If you’re an early riser committed to a schedule that has you snoozing while diners take their 8 p.m. supper, you may not realize that a world of activity begins after sundown. In fact, many runners wouldn’t dream of logging conditioning miles until nightfall because they know this time of day offers physical and mental benefits.

We mention this because the next Puma Night Run Singapore is on the horizon and your participation in this August event could introduce you to a whole new world.

What’s a Puma?

According to “National Geographic,” Pumas are wildcats that roam the Western Hemisphere and while they’re not in a witness protection program they do have aliases (mountain lion and cougar). Pumas are heavy, wily hunters who live from 15 to 20 years in the wild. Pumas are currently threatened by habitat loss that portends extinction.

But there’s another Puma that needs no introduction: the multinational sporting goods company headquartered in Germany and founded by the Dassler brothers in 1924. When the brothers split in 1948, Rudolf chose the Puma as the symbol of his new empire and his success has been formidable. One of the best promotional efforts of the company is the popular Puma Night Run.

Photo Credit: 123RF

Details you need to run your paws off!

Plan to put your inner Puma on display at the 26th August Puma Night Run staged at Seletar Aerospace Park. Flag-offs begin at 7 p.m. (12km participants) and 7:30 p.m. (6km runners) as men, women, pairs and groups charge out of the gate with wild abandon. Need incentive? Puma Night Run Singapore will award more than S$10,000 worth of prizes for men and women finishing at the top of the ticket in the 6km and 12km categories.

Even entitlements go above and beyond, and include a Puma Night Run Singapore T-shirt, Puma towel and shoe bag, personalized race bib and chip. Expect surprises from sponsors and when you cross the finish line, you qualify for the finisher medal and E-certificate. As if that’s not enough, the lucky draw winner will walk away with a round-trip airline ticket to Europe.

Dress for success. Seriously.

Judges will award runners wearing the most outrageous Puma-like outfits cool prizes, so whether you choose the 6km or 12km category, your running costume could earn you prizes and Puma vouchers, too. What constitutes a winning outfit? something eye-catching, fun and original, embodying the spirit of the creature for whom this night race is named.

Already imagining yourself dressed to thrill? Don’t just sit here. Start shopping—but first, save on early bird registration fees by visiting Spacebib before 14th May so your place in the wild is secured. No matter what you wear, show up on the big day at 3 p.m. when the Puma Night Run race village opens.

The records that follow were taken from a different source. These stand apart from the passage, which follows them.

(* The mgu identifies exactly the variables that every unifier identifies, using a chosen
   representative of each class. *)
Definition canon_unifier ms (w : rvar) : term rvar :=
  match w with
  | (None, v) =>
      let i := first_atom v in
      if i < size (qbody q) then
        let t := nth atom0 (mhead (nth m0 ms i)) (index v (atom i).2) in
        Fn t.1 [seq Leaf (unif_rep ms (Some i, y)) | y <- t.2]
      else Leaf w
  | _ => Leaf (unif_rep ms w)
  end.

Lemma canon_unifier_var ms s1 i k : size ms = size (qbody q) -> unifier q ms s1 ->
  i < size (qbody q) -> k < size (atom i).2 ->
  canon_unifier ms (None, nth 0 (atom i).2 k) =
    Fn (nth atom0 (mhead (nth m0 ms i)) k).1
       [seq Leaf (unif_rep ms (Some i, y)) | y <- (nth atom0 (mhead (nth m0 ms i)) k).2].
Proof.
move=> Hs Hu Hi Hk; set v := nth 0 _ k.
have Hi0 : first_atom v < size (qbody q).
  by apply: first_atom_lt; apply/flattenP; exists (atom i).2; [apply/map_f/mem_nth | apply/mem_nth].
have Hv0 := mem_first_atom Hi0; rewrite /= Hi0; set i0 := first_atom v; set k0 := index v _.
have Hk0 : k0 < size (atom i0).2 by rewrite index_mem.
have E s : unifier q ms s ->
    Fn (nth atom0 (mhead (nth m0 ms i0)) k0).1
       [seq s (Some i0, y) | y <- (nth atom0 (mhead (nth m0 ms i0)) k0).2] =
    Fn (nth atom0 (mhead (nth m0 ms i)) k).1
       [seq s (Some i, y) | y <- (nth atom0 (mhead (nth m0 ms i)) k).2].
  move=> Hs'; have [_ <-] := unifier_var Hs Hs' Hi0 Hk0; rewrite nth_index //.
  by have [_ <-] := unifier_var Hs Hs' Hi Hk.
have [-> Eargs] := E _ Hu; congr Fn.
have Esz := congr1 size Eargs; rewrite !size_map in Esz.
apply: (@eq_from_nth _ (Leaf (None, 0))); rewrite !size_map // => l Hl.
rewrite !(nth_map 0) -?Esz //; congr Leaf; apply: unif_rep_eq => s Hs'.
have [_ /(congr1 (nth (Leaf (None, 0)) ^~ l))] := E _ Hs'.
by rewrite !(nth_map 0) -?Esz.
Qed.

Lemma mgu_canon_unifier ms s1 : size ms = size (qbody q) -> unifier q ms s1 ->
  mgu q ms (canon_unifier ms).
Proof.
move=> Hs Hu; split.
  apply/(unifierP _ Hs) => i Hi; have [-> E] := proj1 (unifierP _ Hs) Hu i Hi; split=> //.
  have Esz := congr1 size E; rewrite !size_map in Esz.
  apply: (@eq_from_nth _ (Leaf (None, 0))); rewrite !size_map // => k Hk.
  by rewrite (nth_map 0) // (nth_map atom0) -?Esz // (canon_unifier_var Hs Hu).
move=> s Hs'; exists s => -[[i|] v] /=; first exact: unif_rep_equiv.
case: ifP => // Hi0; have Hv0 := mem_first_atom Hi0; set i0 := first_atom v; set k0 := index v _.
have Hk0 : k0 < size (atom i0).2 by rewrite index_mem.
have [_] := unifier_var Hs Hs' Hi0 Hk0; rewrite nth_index // => ->.
by rewrite /= -map_comp; congr Fn; apply: eq_map => y; exact: unif_rep_equiv.
Qed.

Lemma mgu_var_Leaf ms s d i y : size ms = size (qbody q) -> mgu q ms s ->
  s (Some i, y) = Leaf (leaf_of d (s (Some i, y))).
Proof.
move=> Hs [Hu s_mg]; have [rho Erho] := s_mg _ (proj1 (mgu_canon_unifier Hs Hu)).
by move: (Erho (Some i, y)) => /=; case: (s (Some i, y)).
Qed.

Lemma mgu_kernel ms s s' w w' : mgu q ms s -> unifier q ms s' -> s w = s w' -> s' w = s' w'.
Proof. by case=> _ s_mg /s_mg [rho Erho] E; rewrite !Erho E. Qed.

Definition mapping_vars ms : seq rvar :=
  flatten [seq [seq (Some i, z) | z <- mbody (nth m0 ms i)] | i <- iota 0 (size ms)].

Lemma mapping_varsP ms w :
  reflect (exists i z, [/\ w = (Some i, z), i < size ms & z \in mbody (nth m0 ms i)])
          (w \in mapping_vars ms).
Proof.
apply: (iffP flattenP) => [[_ /mapP [i Hi ->] /mapP [z Hz ->]] | [i [z [-> Hi Hz]]]].
  by exists i, z; split=> //; move: Hi; rewrite mem_iota.
by exists [seq (Some i, z) | z <- mbody (nth m0 ms i)]; apply: map_f => //; rewrite mem_iota.
Qed.

Lemma rename_gen_rule (F : rvar -> rvar) ms s1 s2 :
  (forall m, List.In m ms -> mapping_wf m) -> size ms = size (qbody q) ->
  {subset qhead q <= flatten [seq a.2 | a <- qbody q]} ->
  unifier q ms s1 -> unifier q ms s2 ->
  {in mapping_vars ms, forall w, tmap F (s1 w) = s2 w} ->
  rename_rule F (gen_rule q ms s1) = gen_rule q ms s2.
Proof.
move=> wf Hs head_vars Hu1 Hu2 EF; rewrite /rename_rule /=; congr Rule.
  rewrite -map_comp; apply/eq_in_map => x /head_vars /occurs_in_body [i [k [Hi Hk <-]]] /=.
  have [Esz ->] := unifier_var Hs Hu1 Hi Hk; have [_ ->] := unifier_var Hs Hu2 Hi Hk.
  have Hi' : i < size ms by rewrite Hs.
  have Hk' : k < size (mhead (nth m0 ms i)) by rewrite -Esz.
  rewrite /= -map_comp; congr Fn; apply/eq_in_map => y Hy /=; apply: EF.
  apply/mapping_varsP; exists i, y; split=> //.
  exact: (wf _ (In_nth m0 Hi') _ (In_nth atom0 Hk')).
rewrite (zip_iota_nth m0) -!map_comp; apply/eq_in_map => i; rewrite mem_iota => /andP [_ Hi] /=.
rewrite -map_comp; congr pair; apply/eq_in_map => z Hz /=; apply: EF.
by apply/mapping_varsP; exists i, z.
Qed.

Entertainments kick off at 4:30 p.m. and by the time your event flags off, you’ll be ready to try for that personal best. That said, save some energy for the post-race party where musical performances, prize presentations and the lucky draw wrap up the perfect day.

Improve your health by running at night.

We weren’t joking when we said that night runs offer health benefits athletes don’t enjoy by day, and that’s particularly true for Singapore athletes who perpetually seek creative ways to deal with periods of heat and humidity that require out-of-the-box thinking.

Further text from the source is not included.